**Brief**
For this exercise, repeat the records below exactly as written.

[Collected data entries]

Definition conformal_module (d : V -> V) (L : pred V) (br act : V -> V -> seq V)
  : Prop :=
  [/\ (forall a b c u, a \in L -> b \in L ->
          peq (act (c *: a + b) u) (padd (pscale c (act a u)) (act b u))),
      (forall a c u v, a \in L ->
          peq (act a (c *: u + v)) (padd (pscale c (act a u)) (act a v))),
      (forall a u, a \in L -> peq (act (d a) u) (popp (plam (act a u)))),
      (forall a u, a \in L -> peq (act a (d u)) (pdlam d (act a u))) &
      (forall a b u i j, a \in L -> b \in L ->
          inner act act a b u i j - inner_swap act act b a u i j
          = comp br act a b u i j)].

End Defs.

From Pilot Require Import Defs.
From HB Require Import structures.
From mathcomp Require Import all_boot all_order all_algebra.
Import GRing.Theory.
Set Implicit Arguments. Unset Strict Implicit.
Local Open Scope ring_scope.
Lemma ordinal_sum_tower_blocks (U : finType) (ltU : rel U) k (blk : U -> 'I_k) :
  (forall b, is_section ltU [set x | blk x == b]) ->
  (forall x y, blk x != blk y -> ltU x y = (blk x < blk y)) ->
  tower_blocks ltU [set: U] blk.
Proof.
move=> blk_sec blk_lt; split.
- by move=> x y _ _; apply: ordinal_sum_incomp.
- move=> u _; have uB : u \in [set x | blk x == blk u] by rewrite inE.
  case: (blk_sec (blk u)) => [ac2 | [n [R [_ secR isoR]]]].
    right=> u1 u2 _ _ e1 e2; by apply: (antichain2_small ac2 uB); rewrite inE ?e1 ?e2.
  have [u1 [u2 [_ _ a]]] := section_antichain3 secR isoR uB.
  by left; exists u1, u2; rewrite !inE.
- move=> u _; have uB : u \in [set x | blk x == blk u] by rewrite inE.
  case: (blk_sec (blk u)) => [ac2 | [n [R [_ secR isoR]]]].
    by have [u' _] := antichain2_partner ac2 uB; exists u'; rewrite ?inE.
  have [u1 [u2 [_ _ /and5P[uu1 _ _ iuu1 _]]]] := section_antichain3 secR isoR uB.
  by exists u1; rewrite ?inE // eq_sym uu1.
Qed.

Theorem corollary5p5 (T : finType) (lt : rel T) (Q : {set T}) :
  six_stack lt -> is_retract lt Q -> Q != [set: T] ->
  (exists (U : finType) (ltU : rel U),
      tower_of_sections ltU /\ ord_iso lt Q ltU [set: U]) ->
  exists (U : finType) (ltU : rel U),
    four_tower ltU /\ ord_iso lt Q ltU [set: U].
Proof.
move=> [[lt_irr lt_trans] [N [N_gt0 [ranked crowns]]]] [f [f_Q f_mono f_id]] QneT
  [U [ltU [[ltU_strict [k [blk [k_gt0 blk_sec blk_lt]]]] [g g_iso]]]].
exists U, ltU; split; last by exists g.
split=> //; exists k, blk; split=> // b.
case: (blk_sec b) => [// | [n [R [_ secR [h h_iso]]]]]; exfalso.
have S := six_stack_like lt_irr lt_trans N_gt0 ranked crowns.
have blocks := ord_iso_tower_blocks g_iso (ordinal_sum_tower_blocks blk_sec blk_lt).
have [u uB _] := ord_iso_preimage h_iso (ord0, ord0).
have [u1 [u2 [_ _ uu12]]] := section_antichain3 secR (ex_intro _ h h_iso) uB.
have [q qQ gq] := ord_iso_preimage g_iso u.
have [q1 q1Q gq1] := ord_iso_preimage g_iso u1.
have [q2 q2Q gq2] := ord_iso_preimage g_iso u2.
have qq12 : antichain3 lt q q1 q2 by rewrite -(ord_iso_antichain3 g_iso) // gq gq1 gq2.
move/negP: QneT; apply; apply/eqP.
apply: (level_sub_all S f_Q f_mono f_id blocks (stack_lev_le S q)).
exact: stack_antichain_level_sub S qQ q1Q q2Q qq12.
Qed.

**Worked solution**
Definition conformal_module (d : V -> V) (L : pred V) (br act : V -> V -> seq V)
  : Prop :=
  [/\ (forall a b c u, a \in L -> b \in L ->
          peq (act (c *: a + b) u) (padd (pscale c (act a u)) (act b u))),
      (forall a c u v, a \in L ->
          peq (act a (c *: u + v)) (padd (pscale c (act a u)) (act a v))),
      (forall a u, a \in L -> peq (act (d a) u) (popp (plam (act a u)))),
      (forall a u, a \in L -> peq (act a (d u)) (pdlam d (act a u))) &
      (forall a b u i j, a \in L -> b \in L ->
          inner act act a b u i j - inner_swap act act b a u i j
          = comp br act a b u i j)].

End Defs.

From Pilot Require Import Defs.
From HB Require Import structures.
From mathcomp Require Import all_boot all_order all_algebra.
Import GRing.Theory.
Set Implicit Arguments. Unset Strict Implicit.
Local Open Scope ring_scope.
Lemma ordinal_sum_tower_blocks (U : finType) (ltU : rel U) k (blk : U -> 'I_k) :
  (forall b, is_section ltU [set x | blk x == b]) ->
  (forall x y, blk x != blk y -> ltU x y = (blk x < blk y)) ->
  tower_blocks ltU [set: U] blk.
Proof.
move=> blk_sec blk_lt; split.
- by move=> x y _ _; apply: ordinal_sum_incomp.
- move=> u _; have uB : u \in [set x | blk x == blk u] by rewrite inE.
  case: (blk_sec (blk u)) => [ac2 | [n [R [_ secR isoR]]]].
    right=> u1 u2 _ _ e1 e2; by apply: (antichain2_small ac2 uB); rewrite inE ?e1 ?e2.
  have [u1 [u2 [_ _ a]]] := section_antichain3 secR isoR uB.
  by left; exists u1, u2; rewrite !inE.
- move=> u _; have uB : u \in [set x | blk x == blk u] by rewrite inE.
  case: (blk_sec (blk u)) => [ac2 | [n [R [_ secR isoR]]]].
    by have [u' _] := antichain2_partner ac2 uB; exists u'; rewrite ?inE.
  have [u1 [u2 [_ _ /and5P[uu1 _ _ iuu1 _]]]] := section_antichain3 secR isoR uB.
  by exists u1; rewrite ?inE // eq_sym uu1.
Qed.

Theorem corollary5p5 (T : finType) (lt : rel T) (Q : {set T}) :
  six_stack lt -> is_retract lt Q -> Q != [set: T] ->
  (exists (U : finType) (ltU : rel U),
      tower_of_sections ltU /\ ord_iso lt Q ltU [set: U]) ->
  exists (U : finType) (ltU : rel U),
    four_tower ltU /\ ord_iso lt Q ltU [set: U].
Proof.
move=> [[lt_irr lt_trans] [N [N_gt0 [ranked crowns]]]] [f [f_Q f_mono f_id]] QneT
  [U [ltU [[ltU_strict [k [blk [k_gt0 blk_sec blk_lt]]]] [g g_iso]]]].
exists U, ltU; split; last by exists g.
split=> //; exists k, blk; split=> // b.
case: (blk_sec b) => [// | [n [R [_ secR [h h_iso]]]]]; exfalso.
have S := six_stack_like lt_irr lt_trans N_gt0 ranked crowns.
have blocks := ord_iso_tower_blocks g_iso (ordinal_sum_tower_blocks blk_sec blk_lt).
have [u uB _] := ord_iso_preimage h_iso (ord0, ord0).
have [u1 [u2 [_ _ uu12]]] := section_antichain3 secR (ex_intro _ h h_iso) uB.
have [q qQ gq] := ord_iso_preimage g_iso u.
have [q1 q1Q gq1] := ord_iso_preimage g_iso u1.
have [q2 q2Q gq2] := ord_iso_preimage g_iso u2.
have qq12 : antichain3 lt q q1 q2 by rewrite -(ord_iso_antichain3 g_iso) // gq gq1 gq2.
move/negP: QneT; apply; apply/eqP.
apply: (level_sub_all S f_Q f_mono f_id blocks (stack_lev_le S q)).
exact: stack_antichain_level_sub S qQ q1Q q2Q qq12.
Qed.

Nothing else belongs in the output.